Chiropterotriton casasi
- Conservation status: Critically Endangered (IUCN 3.1)

Scientific classification
- Kingdom: Animalia
- Phylum: Chordata
- Class: Amphibia
- Order: Urodela
- Family: Plethodontidae
- Genus: Chiropterotriton
- Species: C. casasi
- Binomial name: Chiropterotriton casasi Parra-Olea, García-Castillo, Rovito, Maisano, Hanken & Wake, 2020

= Chiropterotriton casasi =

- Authority: Parra-Olea, García-Castillo, Rovito, Maisano, Hanken & Wake, 2020
- Conservation status: CR

Species of amphibian

Chiropterotriton casasi, also known as the Tlapacoyan salamander, is a species of salamander in the family Plethodontidae. It was last seen in 1969, and is possibly extinct.

==Taxonomy==

The Tlapacoyan salamander was first described in 2020, and was given its specific name in honor of Mexican herpetologist Gustavo Casas Andreu.

==Description==

Tlapacoyan salamanders are large salamanders for their genus, being an average of 35-40mm long. Females are slightly larger than males. They are stout-bodied, have long, slender legs, and are a mottled brown color.

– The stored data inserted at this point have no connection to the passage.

Lemma rhs_weight M (nu : nat -> nat) : (0 < M)%N ->
  (\sum_(0 <= k < M) rhs_deg d k * nu k = nu 0 + d * \sum_(1 <= k < M) k * nu k)%N.
Proof.
move=> hM; rewrite big_ltn //= mul1n big_distrr; congr (_ + _)%N.
by apply: eq_big_nat => -[|k] //= _; rewrite mulnCA mulnA mulnC.
Qed.

Lemma gbinom_inv_fact s :
  gbinom (d%:R : F)^-1 s * (s`!)%:R = (\prod_(0 <= j < s) (1 - j%:R * d%:R)) / d%:R ^+ s.
Proof.
have hd0 : (d%:R : F) != 0 by apply: (natr_neq0 hchar); rewrite -lt0n.
rewrite /gbinom mulfVK ?(factr_neq0 hchar) // big_mkord -exprVn.
have -> : (d%:R : F)^-1 ^+ s = \prod_(j < s) d%:R^-1 by rewrite prodr_const card_ord.
by rewrite -big_split /=; apply: eq_bigr => j _; field.
Qed.

Lemma alpha_binom M (nu : nat -> nat) : (0 < M)%N ->
  alpha d c a M nu =
  gbinom (d%:R)^-1 (\sum_(0 <= k < M) nu k) * ((\sum_(0 <= k < M) nu k)`!)%:R
  * \prod_(0 <= k < M) (rhs_coef c a k ^+ nu k / ((nu k)`!)%:R).
Proof.
move=> hM; rewrite gbinom_inv_fact /alpha expr_sum.
rewrite [\prod_(0 <= i < M) _ ^+ _](big_ltn hM).
rewrite [\prod_(0 <= k < M) (rhs_coef _ _ _ ^+ _ / _)](big_ltn hM) /=.
have -> : \prod_(1 <= k < M) (rhs_coef c a k ^+ nu k / ((nu k)`!)%:R) =
          \prod_(1 <= k < M) (a k ^+ nu k / ((nu k)`!)%:R).
  by apply: eq_big_nat => -[].
rewrite [\prod_(1 <= k < M) (a k ^+ _ / (_ * _))]
  (eq_bigr (fun k => a k ^+ nu k / ((nu k)`!)%:R / d%:R ^+ nu k)); last first.
  by move=> k _; rewrite invfM mulrA mulrAC.
rewrite big_split prodfV /=.
move: (\prod_(0 <= j < _) _) (\prod_(1 <= k < M) (a k ^+ _ / _)).
move: (\prod_(1 <= k < M) (_ ^+ nu k)) => D J A.
by rewrite !invfM; ring.
Qed.

(* Case n < d: only the term c x of U contributes. *)
Lemma coef_small n : formal_identity d c a -> (1 <= n < d)%N ->
  a n = gbinom (d%:R)^-1 n * c ^+ n.
Proof.
move=> ha /andP[]; case: n => [//|N] _ hNd.
rewrite (@coef_as_binom_series N 1) ?mul1n // /rhs_tail big_geq // addr0.
exact: binom_series_coef_linear.
Qed.

Lemma coef_general M n : formal_identity d c a -> (0 < M <= n)%N -> (n < M * d)%N ->
  a n = \sum_(nu : M.-tuple 'I_n.+1 |
                 (tup_nat nu 0 + d * \sum_(1 <= k < M) k * tup_nat nu k == n)%N)
          alpha d c a M (tup_nat nu).
Proof.
move=> ha /andP[hM hMn] hnMd.
case: n hMn hnMd => [|N] hMn hnMd; first by have := leq_trans hM hMn.
rewrite (@coef_as_binom_series N M) // ?hM ?(leq_trans hMn) //.
rewrite rhs_tail_monomials // (binom_series_coef hchar); last by case=> //= k; rewrite muln_gt0 hd.
by apply: eq_big => [nu|nu _]; rewrite ?rhs_weight ?alpha_binom.
Qed.

End CoefficientFormula.

Theorem proposition3p1 (F : fieldType) (hchar : [pchar F] =i pred0)
  (d : nat) (hd : (2 <= d)%N) (c : F) (a : nat -> F)
  (ha : formal_identity d c a) :
  (forall n : nat, (1 <= n < d)%N -> a n = gbinom (d%:R)^-1 n * c ^+ n)
  /\
  (forall i n : nat, (1 <= i)%N -> (d ^ i <= n < d ^ i.+1)%N ->
     a n = \sum_(t : (d ^ i).-tuple 'I_n.+1 |
                 (tup_nat t 0 + d * \sum_(1 <= k < d ^ i) k * tup_nat t k == n)%N)
             alpha d c a (d ^ i) (tup_nat t)).
Proof.
have hd0 : (0 < d)%N by apply: leq_trans hd.
split=> [n hn | i n _ /andP[hlo hhi]]; first exact: coef_small.
apply: coef_general => //; first by rewrite expn_gt0 hd0 hlo.
by rewrite -expnSr.
Qed.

==Habitat and Distribution==

The Tlapacoyan salamander is only known from its type locality, southwest of Tlapacoyan, Veracruz, Mexico. At the time they were discovered, their habitat consisted primarily of cloud forest, though it has since been mostly destroyed.

==History==

Only five specimens, four males and one female, of Tlapacoyan salamanders have been recorded. All were collected in 1969 by herpetologist Ronald Altig. Searches at the species' type locality have failed to find any more individuals. The species was described in 2020, and listed as critically endangered and possibly extinct by the IUCN.